Голос Калора упал до зловещего шепота, когда он перешел к раздору между Творцами. «Гармония? – скрипуче рассмеялся он, обнажив темные провалы десен. – Гармонии не было. Была лишь жажда власти. Магия, кровь этого мира, стала яблоком раздора». Он живописал не благородные споры, а грязную грызню богов за контроль над энергией. Астрия, лицемерно прикрывающаяся «благими целями», Мордек, откровенно жаждущий силы, Таэрон, пытающийся удержать распадающийся мир, Найра, страшащаяся истощения… Их амбиции, их страхи сплелись в тугой узел, который мог разрубить лишь меч. И меч был поднят. «Война Творцов, – глаза старика горели фанатичным огнем, – это была не битва добра со злом. Это была бойня, где каждый рвал кусок мира для себя!»

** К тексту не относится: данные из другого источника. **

(* The SRT$_{\mathsf{AD}}$-definable transformations are closed under union, intersection and composition, and the SRT$_{\mathsf{AU}}$-definable transformations are closed under union, intersection and composition. (Here, for a class $\mathcal{C}$ of transducers, closure means: for $\mathcal{C}$-transducers $\mathcal{S}_1,\mathcal{S}_2$ over a common linear group and compatible label sets, the union, intersection (same signature) and composition $[\![\mathcal{S}_1]\!]\cdot[\![\mathcal{S}_2]\!]$ are each equal to $[\![\mathcal{S}]\!]$ for some $\mathcal{C}$-transducer $\mathcal{S}$.)
   Context: A linear group is a triple $\mathbf{G}=(D,\leq,+)$ where $D$ is an infinite set, $\leq$ is a total order on $D$, and $(D,+)$ is a group with identity $0$. For finite label sets $\Sigma,\Gamma$, a $(\Sigma,\Gamma,\mathbf{G})$-streaming register transducer (SRT) is a tuple $\mathcal{S}=(Q,q_0,k,R_0,\Delta)$: $Q$ finite set of states, $q_0\in Q$, $k\in\mathbb{N}$ registers, initial values $R_0\in D^k$, and transitions $\Delta\subseteq Q\times\Sigma\times\{>,=,<\}^k\times\{\mathsf{old},\mathsf{new},\mathsf{add}\}^k\times\{1,\dots,k\}\times\Gamma\times Q$. A transition $(q,\sigma,l,m,u,\gamma,q')$ enables the step $(q,R)\xrightarrow[(\gamma,d')]{(\sigma,d)}(q',R')$ iff (1) for every $i$, $d>R[i]$, $d=R[i]$ or $d<R[i]$ according as $l[i]$ is $>$, $=$, $<$; (2) $R'[i]=R[i]$, $d$, or $R[i]+d$ according as $m[i]$ is $\mathsf{old}$, $\mathsf{new}$, $\mathsf{add}$; (3) $d'=R'[u]$. A run over $s\in(\Sigma\times D)^*$ of length $n$ generating $t\in(\Gamma\times D)^*$ is a sequence of $n$ enabled steps from $(q_0,R_0)$ reading $s[i]$ and emitting $t[i]$. $s\otimes t$ is the word with $i$-th letter $(s[i],t[i])$; $[\![\mathcal{S}]\!]=\{s\otimes t:\text{there is a run over }s\text{ generating }t\}$. SRT$_{\mathsf{A}}$ (add-free): all update vectors lie in $\{\mathsf{old},\mathsf{new}\}^k$. SRT$_{\mathsf{AD}}$: add-free and the order $\leq$ of $\mathbf{G}$ is dense (for $a<b$ there is $c$ with $a<c<b$). SRT$_{\mathsf{AU}}$: add-free and $R_0=(0,\dots,0)$. Composition: for $\mathcal{T}_1$ over $(\Sigma\times D)\times(\Gamma\times D)$ and $\mathcal{T}_2$ over $(\Gamma\times D)\times(\Theta\times D)$, $\mathcal{T}_1\cdot\mathcal{T}_2$ is the set of $s_1\otimes s_2$ ($s_1\in(\Sigma\times D)^*$, $s_2\in(\Theta\times D)^*$) such that some $s_3\in(\Gamma\times D)^*$ has $s_1\otimes s_3\in\mathcal{T}_1$ and $s_3\otimes s_2\in\mathcal{T}_2$. *)

From mathcomp Require Import all_boot.
Set Implicit Arguments. Unset Strict Implicit. Unset Printing Implicit Defensive.

Record linear_group := LinearGroup {
  LG_carrier :> Type;
  LG_le : LG_carrier -> LG_carrier -> Prop;
  LG_add : LG_carrier -> LG_carrier -> LG_carrier;
  LG_zero : LG_carrier;
  LG_opp : LG_carrier -> LG_carrier;
  LG_le_refl : forall x, LG_le x x;
  LG_le_antisym : forall x y, LG_le x y -> LG_le y x -> x = y;
  LG_le_trans : forall x y z, LG_le x y -> LG_le y z -> LG_le x z;
  LG_le_total : forall x y, LG_le x y \/ LG_le y x;
  LG_addA : forall x y z, LG_add x (LG_add y z) = LG_add (LG_add x y) z;
  LG_add0x : forall x, LG_add LG_zero x = x;
  LG_addx0 : forall x, LG_add x LG_zero = x;
  LG_addNx : forall x, LG_add (LG_opp x) x = LG_zero;
  LG_addxN : forall x, LG_add x (LG_opp x) = LG_zero;
  LG_infinite : exists f : nat -> LG_carrier, injective f
}.

Definition LG_lt (G : linear_group) (x y : G) : Prop := LG_le x y /\ x <> y.

Definition dense (G : linear_group) : Prop :=
  forall a b : G, LG_lt a b -> exists c : G, LG_lt a c /\ LG_lt c b.

Inductive cmp := CGt | CEq | CLt.
Inductive upd := UOld | UNew | UAdd.

(* A (Sig,Gam,G)-streaming register transducer; registers indexed by 'I_k
   (i.e. 0..k-1 instead of 1..k). *)
Record SRT (G : linear_group) (Sig Gam : finType) := MkSRT {
  srt_Q : finType;
  srt_q0 : srt_Q;
  srt_k : nat;
  srt_R0 : 'I_srt_k -> G;
  srt_Delta : srt_Q -> Sig -> ('I_srt_k -> cmp) -> ('I_srt_k -> upd) ->
              'I_srt_k -> Gam -> srt_Q -> Prop
}.

Definition cmp_ok (G : linear_group) (c : cmp) (d r : G) : Prop :=
  match c with
  | CGt => LG_lt r d
  | CEq => d = r
  | CLt => LG_lt d r
  end.

Definition upd_val (G : linear_group) (m : upd) (r d : G) : G :=
  match m with
  | UOld => r
  | UNew => d
  | UAdd => LG_add r d
  end.

Definition step (G : linear_group) (Sig Gam : finType) (S : SRT G Sig Gam)
  (q : srt_Q S) (R : 'I_(srt_k S) -> G) (sig : Sig) (d : G)
  (gam : Gam) (d' : G) (q' : srt_Q S) (R' : 'I_(srt_k S) -> G) : Prop :=
  exists (l : 'I_(srt_k S) -> cmp) (m : 'I_(srt_k S) -> upd) (u : 'I_(srt_k S)),
    @srt_Delta G Sig Gam S q sig l m u gam q' /\
    (forall i, cmp_ok (l i) d (R i)) /\
    (forall i, R' i = upd_val (m i) (R i) d) /\
    d' = R' u.

Fixpoint runs_from (G : linear_group) (Sig Gam : finType) (S : SRT G Sig Gam)
  (q : srt_Q S) (R : 'I_(srt_k S) -> G) (w : seq ((Sig * G) * (Gam * G))) : Prop :=
  match w with
  | [::] => True
  | ((sig, d), (gam, d')) :: w' =>
      exists q' R', @step G Sig Gam S q R sig d gam d' q' R' /\ @runs_from G Sig Gam S q' R' w'
  end.

(* [[S]] : a word of pairs s (x) t is in the semantics iff there is a run
   over s = unzip1 w generating t = unzip2 w from (q0,R0). *)
Definition sem (G : linear_group) (Sig Gam : finType) (S : SRT G Sig Gam)
  (w : seq ((Sig * G) * (Gam * G))) : Prop :=
  @runs_from G Sig Gam S (@srt_q0 G Sig Gam S) (@srt_R0 G Sig Gam S) w.

Definition compose (G : linear_group) (Sig Gam The : finType)
  (T1 : seq ((Sig * G) * (Gam * G)) -> Prop)
  (T2 : seq ((Gam * G) * (The * G)) -> Prop)
  (w : seq ((Sig * G) * (The * G))) : Prop :=
  exists s3 : seq (Gam * G),
    size s3 = size w /\ T1 (zip (unzip1 w) s3) /\ T2 (zip s3 (unzip2 w)).

Definition add_free (G : linear_group) (Sig Gam : finType) (S : SRT G Sig Gam) :=
  forall q a l m u g q', @srt_Delta G Sig Gam S q a l m u g q' -> forall i, m i <> UAdd.

Definition SRT_class := forall (G : linear_group) (Sig Gam : finType), SRT G Sig Gam -> Prop.

Definition is_SRT_AD : SRT_class := fun G Sig Gam S => add_free S /\ dense G.
Definition is_SRT_AU : SRT_class :=
  fun G Sig Gam S => add_free S /\ forall i, @srt_R0 G Sig Gam S i = LG_zero G.

Definition closed_union (C : SRT_class) : Prop :=
  forall (G : linear_group) (Sig Gam : finType) (S1 S2 : SRT G Sig Gam),
    C G Sig Gam S1 -> C G Sig Gam S2 ->
    exists S : SRT G Sig Gam, C G Sig Gam S /\
      forall w, sem S w <-> (sem S1 w \/ sem S2 w).

Definition closed_inter (C : SRT_class) : Prop :=
  forall (G : linear_group) (Sig Gam : finType) (S1 S2 : SRT G Sig Gam),
    C G Sig Gam S1 -> C G Sig Gam S2 ->
    exists S : SRT G Sig Gam, C G Sig Gam S /\
      forall w, sem S w <-> (sem S1 w /\ sem S2 w).

Definition closed_comp (C : SRT_class) : Prop :=
  forall (G : linear_group) (Sig Gam The : finType)
         (S1 : SRT G Sig Gam) (S2 : SRT G Gam The),
    C G Sig Gam S1 -> C G Gam The S2 ->
    exists S : SRT G Sig The, C G Sig The S /\
      forall w, sem S w <-> compose (sem S1) (sem S2) w.

(* An add-free SRT can only compare its input with each register and keep a
   register or overwrite it with the input.  Intersection must check that two
   outputs agree, and composition feeds the output of one transducer to the
   other as its input; both need comparisons between registers and copies of
   registers into registers.  We therefore pass through order-type machines,
   whose guards are the complete order type of the registers and the input and
   whose updates are arbitrary copies: for these, union, intersection and
   composition are direct constructions on the disjoint union of the register
   sets.  Conversely, an order-type machine with register set I is simulated by
   an add-free SRT with |I| + 1 registers whose finite state stores the order
   type of the simulated registers and a pointer from each of them to a
   physical register: a copy is a change of pointer, and the input is loaded
   into a physical register that nothing points to.  The constructions keep the
   linear group and the initial register values, so density and zero
   initialisation are simply preserved. *)

From mathcomp Require Import all_boot boolp.
Set Implicit Arguments. Unset Strict Implicit. Unset Printing Implicit Defensive.

Section OrderType.
Variable G : linear_group.

Lemma LG_lt_le_asym (x y : G) : LG_lt x y -> LG_le y x -> False.
Proof. by move=> [xy nxy] yx; apply: nxy; apply: LG_le_antisym. Qed.

(* [None] stands for the input value [d]. *)
Definition order_type (I : Type) (R : I -> G) (d : G) : rel (option I) :=
  fun x y => `[< LG_le (oapp R d x) (oapp R d y) >].

Lemma relpre_order_type (I J : Type) (f : option I -> option J) (R : J -> G) d
    (R' : I -> G) d' :
  (forall x, oapp R d (f x) = oapp R' d' x) ->
  (relpre f (order_type R d) : rel _) = order_type R' d'.
Proof.
by move=> E; apply: funext => x; apply: funext => y; rewrite /relpre /order_type /= !E.
Qed.

Lemma oapp_omap (I J : Type) (h : I -> J) (R : J -> G) d x :
  oapp R d (omap h x) = oapp (R \o h) d x.
Proof. by case: x. Qed.

Lemma order_type_eqP (I : Type) (R : I -> G) d x y :
  reflect (oapp R d x = oapp R d y) (order_type R d x y && order_type R d y x).
Proof.
apply: (iffP andP) => [[/asboolP xy /asboolP yx] | E]; first exact: LG_le_antisym.
by split; apply/asboolP; rewrite E; apply: LG_le_refl.
Qed.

Он описывал катаклизмы – не просто землетрясения и потопы, а агонию самой реальности. Континенты трескались, как скорлупа, моря вскипали, небеса плакали кровью. Слушатели бледнели, кто-то непроизвольно крестился или бормотал древние обережные слова. Атмосфера в таверне стала душной, пропитанной страхом перед прошлым, которое оказалось куда чудовищнее, чем они могли вообразить. «И тогда, – продолжал Калор, понизив голос до заговорщического шепота, – когда мир был на грани гибели, они заключили перемирие. Не из мудрости – из страха потерять все». Создание Кристаллов и Мирового Древа он представил не актом спасения, а последней отчаянной мерой, временной плотиной перед неумолимым потоком хаоса. «Три Кристалла, – старик поочередно загибал костлявые пальцы. Исполинские кандалы, наложенные на растерзанное тело Эларии. А Древо… Древо в центре – тюремщик, страж баланса, выстроенного на руинах и крови». Напряжение достигло предела. Худощавый путешественник с нервными пальцами перестал теребить кинжал. Вместо этого он начал мерно постукивать кончиками пальцев по столешнице, выбивая тихий, тревожный ритм, который отдавался в наступившей тишине, как стук сердца обреченного.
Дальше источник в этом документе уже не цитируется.